→ **Your objective**
Which lines run from the start of the data below to the line containing "(* so all of"? Set them down exactly, with none added.

→ **Dataset entries**
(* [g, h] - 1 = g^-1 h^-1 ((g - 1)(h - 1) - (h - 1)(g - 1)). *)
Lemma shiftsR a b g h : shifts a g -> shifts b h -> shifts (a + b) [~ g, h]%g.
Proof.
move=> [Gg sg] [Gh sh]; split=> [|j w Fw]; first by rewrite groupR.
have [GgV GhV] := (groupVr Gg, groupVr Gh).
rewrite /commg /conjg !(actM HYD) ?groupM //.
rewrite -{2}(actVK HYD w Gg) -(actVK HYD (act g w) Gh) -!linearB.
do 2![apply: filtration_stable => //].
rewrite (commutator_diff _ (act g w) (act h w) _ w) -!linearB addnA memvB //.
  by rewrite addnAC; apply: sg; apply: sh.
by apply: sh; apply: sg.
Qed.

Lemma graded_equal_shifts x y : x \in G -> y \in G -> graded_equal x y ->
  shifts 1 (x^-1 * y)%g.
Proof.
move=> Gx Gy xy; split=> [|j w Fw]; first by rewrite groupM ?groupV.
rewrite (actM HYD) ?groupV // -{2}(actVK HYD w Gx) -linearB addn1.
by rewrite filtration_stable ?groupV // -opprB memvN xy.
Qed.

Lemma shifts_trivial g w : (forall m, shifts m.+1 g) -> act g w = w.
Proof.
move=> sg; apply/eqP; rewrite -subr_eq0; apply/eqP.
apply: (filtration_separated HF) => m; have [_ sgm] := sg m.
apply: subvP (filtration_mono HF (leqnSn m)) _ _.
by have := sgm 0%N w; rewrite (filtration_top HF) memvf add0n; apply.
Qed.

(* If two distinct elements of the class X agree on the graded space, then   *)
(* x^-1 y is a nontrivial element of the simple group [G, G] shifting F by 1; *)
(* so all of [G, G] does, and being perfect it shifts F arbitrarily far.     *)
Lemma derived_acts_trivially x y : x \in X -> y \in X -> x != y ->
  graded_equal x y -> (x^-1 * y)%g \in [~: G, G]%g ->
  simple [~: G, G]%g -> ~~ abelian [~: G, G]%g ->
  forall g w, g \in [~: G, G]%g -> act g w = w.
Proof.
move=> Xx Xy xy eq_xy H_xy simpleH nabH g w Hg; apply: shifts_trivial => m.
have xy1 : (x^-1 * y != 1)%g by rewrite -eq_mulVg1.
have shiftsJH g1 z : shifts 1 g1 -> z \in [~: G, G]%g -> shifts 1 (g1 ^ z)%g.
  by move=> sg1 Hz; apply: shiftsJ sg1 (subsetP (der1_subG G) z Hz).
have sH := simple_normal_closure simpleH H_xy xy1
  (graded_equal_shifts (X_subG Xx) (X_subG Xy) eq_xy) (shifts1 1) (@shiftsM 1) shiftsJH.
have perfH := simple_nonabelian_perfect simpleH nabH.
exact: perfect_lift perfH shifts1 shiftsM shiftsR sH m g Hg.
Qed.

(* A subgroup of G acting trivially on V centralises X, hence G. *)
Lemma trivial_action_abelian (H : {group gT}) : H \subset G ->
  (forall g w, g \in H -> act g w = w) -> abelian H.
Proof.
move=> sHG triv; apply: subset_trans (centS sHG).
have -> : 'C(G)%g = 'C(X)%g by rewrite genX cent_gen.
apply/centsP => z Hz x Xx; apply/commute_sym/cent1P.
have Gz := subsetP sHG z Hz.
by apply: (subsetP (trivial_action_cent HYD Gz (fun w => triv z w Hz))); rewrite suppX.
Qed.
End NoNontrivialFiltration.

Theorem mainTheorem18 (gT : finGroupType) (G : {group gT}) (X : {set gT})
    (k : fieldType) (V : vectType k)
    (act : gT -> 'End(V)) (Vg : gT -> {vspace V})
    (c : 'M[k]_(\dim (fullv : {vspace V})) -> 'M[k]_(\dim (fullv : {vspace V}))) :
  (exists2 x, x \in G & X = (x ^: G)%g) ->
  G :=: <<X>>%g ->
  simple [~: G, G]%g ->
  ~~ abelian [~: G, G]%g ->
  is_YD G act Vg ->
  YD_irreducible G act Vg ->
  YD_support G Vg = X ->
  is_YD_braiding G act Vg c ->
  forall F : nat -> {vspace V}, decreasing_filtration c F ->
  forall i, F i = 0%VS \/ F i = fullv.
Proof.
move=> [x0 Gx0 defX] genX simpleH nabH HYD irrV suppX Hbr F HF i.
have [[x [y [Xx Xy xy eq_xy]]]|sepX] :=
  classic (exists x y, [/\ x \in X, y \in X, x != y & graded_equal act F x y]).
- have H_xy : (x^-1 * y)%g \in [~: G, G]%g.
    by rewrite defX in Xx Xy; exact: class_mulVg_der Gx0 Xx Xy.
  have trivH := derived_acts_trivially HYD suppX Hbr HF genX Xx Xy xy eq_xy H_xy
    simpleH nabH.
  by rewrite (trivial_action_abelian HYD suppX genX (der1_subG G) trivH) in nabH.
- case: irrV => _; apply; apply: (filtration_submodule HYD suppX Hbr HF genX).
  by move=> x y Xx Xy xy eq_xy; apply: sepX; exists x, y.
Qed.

→ **Written solution**
(* [g, h] - 1 = g^-1 h^-1 ((g - 1)(h - 1) - (h - 1)(g - 1)). *)
Lemma shiftsR a b g h : shifts a g -> shifts b h -> shifts (a + b) [~ g, h]%g.
Proof.
move=> [Gg sg] [Gh sh]; split=> [|j w Fw]; first by rewrite groupR.
have [GgV GhV] := (groupVr Gg, groupVr Gh).
rewrite /commg /conjg !(actM HYD) ?groupM //.
rewrite -{2}(actVK HYD w Gg) -(actVK HYD (act g w) Gh) -!linearB.
do 2![apply: filtration_stable => //].
rewrite (commutator_diff _ (act g w) (act h w) _ w) -!linearB addnA memvB //.
  by rewrite addnAC; apply: sg; apply: sh.
by apply: sh; apply: sg.
Qed.

Lemma graded_equal_shifts x y : x \in G -> y \in G -> graded_equal x y ->
  shifts 1 (x^-1 * y)%g.
Proof.
move=> Gx Gy xy; split=> [|j w Fw]; first by rewrite groupM ?groupV.
rewrite (actM HYD) ?groupV // -{2}(actVK HYD w Gx) -linearB addn1.
by rewrite filtration_stable ?groupV // -opprB memvN xy.
Qed.

Lemma shifts_trivial g w : (forall m, shifts m.+1 g) -> act g w = w.
Proof.
move=> sg; apply/eqP; rewrite -subr_eq0; apply/eqP.
apply: (filtration_separated HF) => m; have [_ sgm] := sg m.
apply: subvP (filtration_mono HF (leqnSn m)) _ _.
by have := sgm 0%N w; rewrite (filtration_top HF) memvf add0n; apply.
Qed.

(* If two distinct elements of the class X agree on the graded space, then   *)
(* x^-1 y is a nontrivial element of the simple group [G, G] shifting F by 1; *)
(* so all of [G, G] does, and being perfect it shifts F arbitrarily far.     *)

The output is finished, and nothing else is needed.